KENDARIPOS.FAJAR.CO.ID - Kemiskinan memang masih menjadi persoalan di Kolaka Utara (Kolut). Namun status otorita itu sebagai salah satu dari lima daerah miskin ekstrem di Sulawesi Tenggara (Sultra), patut ditinjau kembali. Dari hasil verifikasi ulang penduduk miskin, banyak ditemukan kejanggalan data. Tidak sedikit keluarga yang dikategorikan mampu, tercatat menerima bantuan langsung tunai (BLT). Bahkan ada yang berstatus Aparatur Sipil Negara (ASN). Padahal data penerima bantuan ini menjadi salah satu indikator pemerintah menetapkan angka kemiskinan.
Asisten I Sekretariat Kabupaten (Setkab) Kolut, Mukhlis Bahtiar, mengaku, pihaknya tengah melakukan validasi terhadap penduduk miskin. Dari data sementara, jumlah keluarga yang dikategorikan miskin ekstrem berkurang signifikan. Hanya saja, ia belum bisa memastikan angka pastinya. Pasalnya, data yang dimiliki belum final. Sejauh ini, proses validasi masih berlangsung. Jika merujuk data Badan Pusat Statistik (BPS) sebelumnya, penduduk miskin ekstrem di Kolut mencapai tujuh ribuan orang.
"Dari hasil diskusi dengan BPS, angka penurunannya mencapai 40 persen. Tujuh ribu warga miskin ekstrem yang dirilis BPS bukanlah angka sebenarnya. Dari hasil verifikasi, banyak data manipulatif. Modusnya, bermacam-macam. Salah satunya memecah kartu keluarga (KK)," ungkap Mukhlis Bahtiar, usai memimpin rapat Tim Koordinasi Penanggulangan Kemiskinan di aula Bappeda Kolut, Jumat (4/8).
Tujuan memecah KK lanjut mantan Kepala Badan Keuangan dan Aset (BKAD) Kolut itu, tak lain agar kebagian bantuan. Apalagi pemerintah cukup giat menyalurkan program saat dan pasca pandemi covid. Misalkan, dalam sebuah keluarga tinggal mertua/orang tuanya atau menantu, maka agar bisa masuk kategori miskin, dipecahlah KK baru. Padahal secara ekonomis keluarga ini berkecukupan. Ironisnya, ada ASN yang memisahkan KK dengan suaminya yang non-ASN agar bisa mendapatkan bantuan.
Kerancuan data ini sambung Ketua Korpri Kolut tersebut, dimulai ketika Pemerintah Pusat mengancam akan mengalihkan BLT. Pihak desa diultimatum untuk segera mengoptimalkan penyaluran bantuan. Jika kurang dari 40 persen, bantuannya akan dialihkan ke desa lain. Karena tak ingin dialihkan, banyak keluarga yang memecah KK-nya agar kuota yang diberikan pusat terpenuhi. Dokumen KK yang manipulatif ini sementara diperbaiki.

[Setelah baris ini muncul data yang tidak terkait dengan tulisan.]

(* Let $G$ be a recursively presented group. Then for every finite generating set $S$ of $G$, the skeleton subshift $X_{G,S}$ is effective.
   Context: $G$ is recursively presented if $G\cong\mathbb{F}_S/\langle\langle R\rangle\rangle$ for some finite set $S$ and recursively enumerable set $R$ of words. For a finite generating set $S$, the skeleton subshift $X_{G,S}\subseteq(S\cup S^{-1})^{\mathbb{Z}}$ is the set of bi-infinite sequences none of whose non-empty finite factors represents $1_G$. A subshift over a finite alphabet is a set of bi-infinite sequences avoiding all words of a set $\mathcal F$ of forbidden finite words; it is effective if $\mathcal F$ can be chosen to be a decidable language. *)

From Stdlib Require Import Arith List ZArith Relations.
Import ListNotations.

Record group := Group {
  carrier :> Type;
  gmul : carrier -> carrier -> carrier;
  gone : carrier;
  ginv : carrier -> carrier;
  gassoc : forall x y z, gmul x (gmul y z) = gmul (gmul x y) z;
  gmul1l : forall x, gmul gone x = x;
  gmul1r : forall x, gmul x gone = x;
  gmulVl : forall x, gmul (ginv x) x = gone;
  gmulVr : forall x, gmul x (ginv x) = gone
}.

Definition prodG (G : group) (l : list G) : G := fold_right (@gmul G) (@gone G) l.

Inductive rcode : Type :=
| RZero : rcode
| RSucc : rcode
| RProj : nat -> rcode
| RComp : rcode -> list rcode -> rcode
| RPrec : rcode -> rcode -> rcode
| RMu   : rcode -> rcode.

Inductive reval : rcode -> list nat -> nat -> Prop :=
| ev_zero v : reval RZero v 0
| ev_succ x v : reval RSucc (x :: v) (S x)
| ev_proj i v : i < length v -> reval (RProj i) v (nth i v 0)
| ev_comp f gs v ys y : revals gs v ys -> reval f ys y -> reval (RComp f gs) v y
| ev_prec0 f g v y : reval f v y -> reval (RPrec f g) (0 :: v) y
| ev_precS f g n v r y :
    reval (RPrec f g) (n :: v) r -> reval g (n :: r :: v) y ->
    reval (RPrec f g) (S n :: v) y
| ev_mu f v n :
    reval f (n :: v) 0 ->
    (forall m, m < n -> exists k, reval f (m :: v) (S k)) ->
    reval (RMu f) v n
with revals : list rcode -> list nat -> list nat -> Prop :=
| evs_nil v : revals [] v []
| evs_cons g gs v y ys : reval g v y -> revals gs v ys -> revals (g :: gs) v (y :: ys).

Definition decidable_set (P : nat -> Prop) : Prop :=
  exists c : rcode, forall m, (P m -> reval c [m] 1) /\ (~ P m -> reval c [m] 0).

Definition re_set (P : nat -> Prop) : Prop :=
  exists c : rcode, forall m, P m <-> exists y, reval c [m] y.

Definition cpair (x y : nat) : nat := (x + y) * (x + y + 1) / 2 + y.
Fixpoint code_list (l : list nat) : nat :=
  match l with
  | [] => 0
  | x :: l' => S (cpair x (code_list l'))
  end.

(** A letter of F_T with T = {t_0, ..., t_(n-1)}: (i, false) = t_i, (i, true) = t_i^-1. *)
Definition letter := (nat * bool)%type.
Definition letter_code (a : letter) : nat := 2 * fst a + (if snd a then 1 else 0).
Definition word_code (w : list letter) : nat := code_list (map letter_code w).

Definition word_over (n : nat) (w : list letter) : Prop := Forall (fun a => fst a < n) w.

Inductive pstep (n : nat) (R : list letter -> Prop) : list letter -> list letter -> Prop :=
| ps_free u v i b : i < n -> pstep n R (u ++ v) (u ++ (i, b) :: (i, negb b) :: v)
| ps_rel u v r : R r -> pstep n R (u ++ v) (u ++ r ++ v).

Definition trivial_in_pres (n : nat) (R : list letter -> Prop) (w : list letter) : Prop :=
  clos_refl_sym_trans (list letter) (pstep n R) w [].

Definition eval_word (G : group) (gen : nat -> G) (w : list letter) : G :=
  prodG G (map (fun a : letter => if snd a then ginv G (gen (fst a)) else gen (fst a)) w).

(** G is isomorphic to F_T / <<R>> with T finite and R r.e.: there is a
    surjective homomorphism F_T -> G (determined by gen) with kernel <<R>>. *)
Definition recursively_presented (G : group) : Prop :=
  exists (n : nat) (gen : nat -> G) (R : list letter -> Prop),
    (forall r, R r -> word_over n r) /\
    re_set (fun m => exists w, word_code w = m /\ R w) /\
    (forall g : G, exists w, word_over n w /\ eval_word G gen w = g) /\
    (forall w, word_over n w ->
       (eval_word G gen w = gone G <-> trivial_in_pres n R w)).

Definition alph (G : group) (S : list G) (g : G) : Prop :=
  exists h, In h S /\ (g = h \/ g = ginv G h).

Definition generates (G : group) (S : list G) : Prop :=
  forall g : G, exists l : list G, Forall (alph G S) l /\ prodG G l = g.

Definition factor {A : Type} (x : Z -> A) (i : Z) (n : nat) : list A :=
  map (fun j => x (i + Z.of_nat j)%Z) (seq 0 n).

Definition skeleton (G : group) (S : list G) (x : Z -> G) : Prop :=
  (forall i, alph G S (x i)) /\
  (forall i n, 0 < n -> prodG G (factor x i n) <> gone G).

(** X is an effective subshift over the finite alphabet A: after numbering the
    alphabet as a_0, ..., a_(k-1), X is the set of A-configurations avoiding a
    decidable set F of finite words. *)
Definition effective_subshift {T : Type} (A : T -> Prop) (X : (Z -> T) -> Prop) : Prop :=
  exists (k : nat) (a : nat -> T),
    (forall i j, i < k -> j < k -> a i = a j -> i = j) /\
    (forall t, A t <-> exists i, i < k /\ a i = t) /\
    exists F : list nat -> Prop,
      (forall w, F w -> Forall (fun i => i < k) w) /\
      decidable_set (fun m => exists w, code_list w = m /\ F w) /\
      (forall x, X x <->
         ((forall i, A (x i)) /\
          (forall i w, F w -> factor x i (length w) <> map a w))).

From Stdlib Require Import Arith List ZArith Relations Lia Bool Classical.
Import ListNotations.

(* Number the letters of S u S^-1 as a_0, ..., a_(k-1).  As G is recursively
   presented, its word problem is semi-decidable: a word is trivial iff some
   certificate t -- a derivation from the empty word by insertions and deletions
   of cancelling pairs and relators, together with running times for the
   enumeration of those relators -- passes a primitive recursive check.  (The
   enumeration of the relators becomes such a check by running its mu-recursive
   code with a clock; primitive recursive checks are written in a small
   expression language that compiles to mu-recursive codes.)  Now forbid every
   word having a nonempty trivial prefix with a certificate t at most the length
   of the word.  This set of words is decidable, and it defines the skeleton
   subshift: a trivial factor of a configuration with certificate t extends to a
   factor of length at least t, which is forbidden. *)

(** * Expressions for primitive recursive functions *)

Definition computable (a : nat) (f : list nat -> nat) : Prop :=
  exists c, forall v, length v = a -> reval c v (f v).

Lemma computable_ext a f g :
  computable a f -> (forall v, length v = a -> f v = g v) -> computable a g.
Proof. intros [c Hc] E. exists c. intros v Hv. rewrite <- E by auto. auto. Qed.

Lemma computable_nth a i : computable a (fun v => nth i v 0).
Proof.
  destruct (lt_dec i a).
  - exists (RProj i). intros v Hv. constructor. lia.
  - exists RZero. intros v Hv. rewrite nth_overflow by lia. constructor.
Qed.

Lemma computable_zero a : computable a (fun _ => 0).
Proof. exists RZero. intros. constructor. Qed.

Lemma computable_comp a (g : list nat -> nat) (fs : list (list nat -> nat)) :
  Forall (computable a) fs -> computable (length fs) g ->
  computable a (fun v => g (map (fun f => f v) fs)).
Proof.
  intros Hfs [cg Hg].
  assert (Hcs : exists cs, forall v, length v = a -> revals cs v (map (fun f => f v) fs)).
  { clear Hg. induction Hfs as [|f fs [c Hc] _ [cs Hcs]].
    - exists []. constructor.
    - exists (c :: cs). constructor; auto. }
  destruct Hcs as [cs Hcs].
  exists (RComp cg cs). intros v Hv. econstructor; [apply Hcs; auto|].
  apply Hg. rewrite length_map. auto.
Qed.

Lemma computable_succ a f : computable a f -> computable a (fun v => S (f v)).
Proof.
  intros Hf.
  assert (Hsucc : computable 1 (fun v => S (nth 0 v 0))).
  { exists RSucc. intros [|x [|]] Hv; simpl in Hv; try lia. constructor. }
  exact (computable_comp a _ [f] (Forall_cons _ Hf (Forall_nil _)) Hsucc).
Qed.

Lemma computable_prec a f g :
  computable a f -> computable (S (S a)) g ->
  computable (S a) (fun v => nat_rect (fun _ => nat) (f (tl v))
                               (fun i r => g (i :: r :: tl v)) (hd 0 v)).
Proof.
  intros [cf Hf] [cg Hg]. exists (RPrec cf cg). intros [|n w] Hv; simpl in Hv; try lia.
  simpl. induction n; simpl.
  - constructor. apply Hf. lia.
  - econstructor; [apply IHn|]. apply Hg. simpl. lia.
Qed.

Lemma map_nth_seq (v : list nat) :
  map (fun j => nth j v 0) (seq 0 (length v)) = v.
Proof.
  induction v using rev_ind; simpl; auto.
  rewrite length_app, Nat.add_1_r, seq_S, map_app. simpl.
  rewrite app_nth2, Nat.sub_diag by lia. simpl. f_equal.
  rewrite <- IHv at 2. apply map_ext_in. intros j Hj. apply in_seq in Hj.
  rewrite app_nth1 by lia. auto.
Qed.

Lemma computable_nat_rect a (N b : list nat -> nat) (s : list nat -> nat) :
  computable a N -> computable a b -> computable (S (S a)) s ->
  computable a (fun v => nat_rect (fun _ => nat) (b v) (fun i r => s (i :: r :: v)) (N v)).
Proof.
  intros HN Hb Hs.
  set (projs := map (fun j (w : list nat) => nth j w 0) (seq 0 a)).
  assert (Hprojs : Forall (computable a) projs).
  { apply Forall_forall. intros f Hf. apply in_map_iff in Hf as [j [<- _]].
    apply computable_nth. }
  assert (Hlen : length (N :: projs) = S a)
    by (simpl; subst projs; rewrite length_map, length_seq; reflexivity).
  pose proof (computable_comp a _ (N :: projs) (Forall_cons _ HN Hprojs)
                ltac:(rewrite Hlen; exact (computable_prec a b s Hb Hs))) as H.
  eapply computable_ext; [exact H|]. intros v Hv. subst a projs. simpl.
  rewrite map_map, map_nth_seq. reflexivity.
Qed.

(* [Rec N b s] iterates [s] [N] times starting from [b]; inside [s], [Var 0] is
   the counter, [Var 1] the accumulator and [Var (2 + i)] is [Var i] of the
   enclosing environment.  Variables out of range read as 0. *)
Inductive expr : Type :=
| Var (i : nat)
| Zero
| Suc (e : expr)
| Rec (N b s : expr)
| Call (f : expr) (args : list expr).

Fixpoint sem (e : expr) (env : list nat) {struct e} : nat :=
  match e with
  | Var i => nth i env 0
  | Zero => 0
  | Suc e => S (sem e env)
  | Rec N b s => nat_rect (fun _ => nat) (sem b env) (fun i r => sem s (i :: r :: env)) (sem N env)
  | Call f args => sem f (map (fun a => sem a env) args)
  end.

"Kami akui kemiskinan tetap ada di Kolut. Tapi kalau angka rilnya tidak sampai 7 ribuan. Dari pertemuan ini, BPS mengakui angkanya janggal. Secara kasat mata, tingkat ekonomi masyarakat Kolut di atas dengan daerah lain di Sultra. Temuan ini menjadi atensi untuk ditindaklanjuti. Kami juga sudah berkoordinasi dengan Bappeda agar data kemiskinan ini bisa validasi. Dengan begitu, kita bisa mendapatkan data pastinya. Sebab itu akan menjadi rujukan program pemerintah tahun 2024. Data hasil validasi selanjutnya akan dikirim ke Bappenas," pungkasnya. (mal)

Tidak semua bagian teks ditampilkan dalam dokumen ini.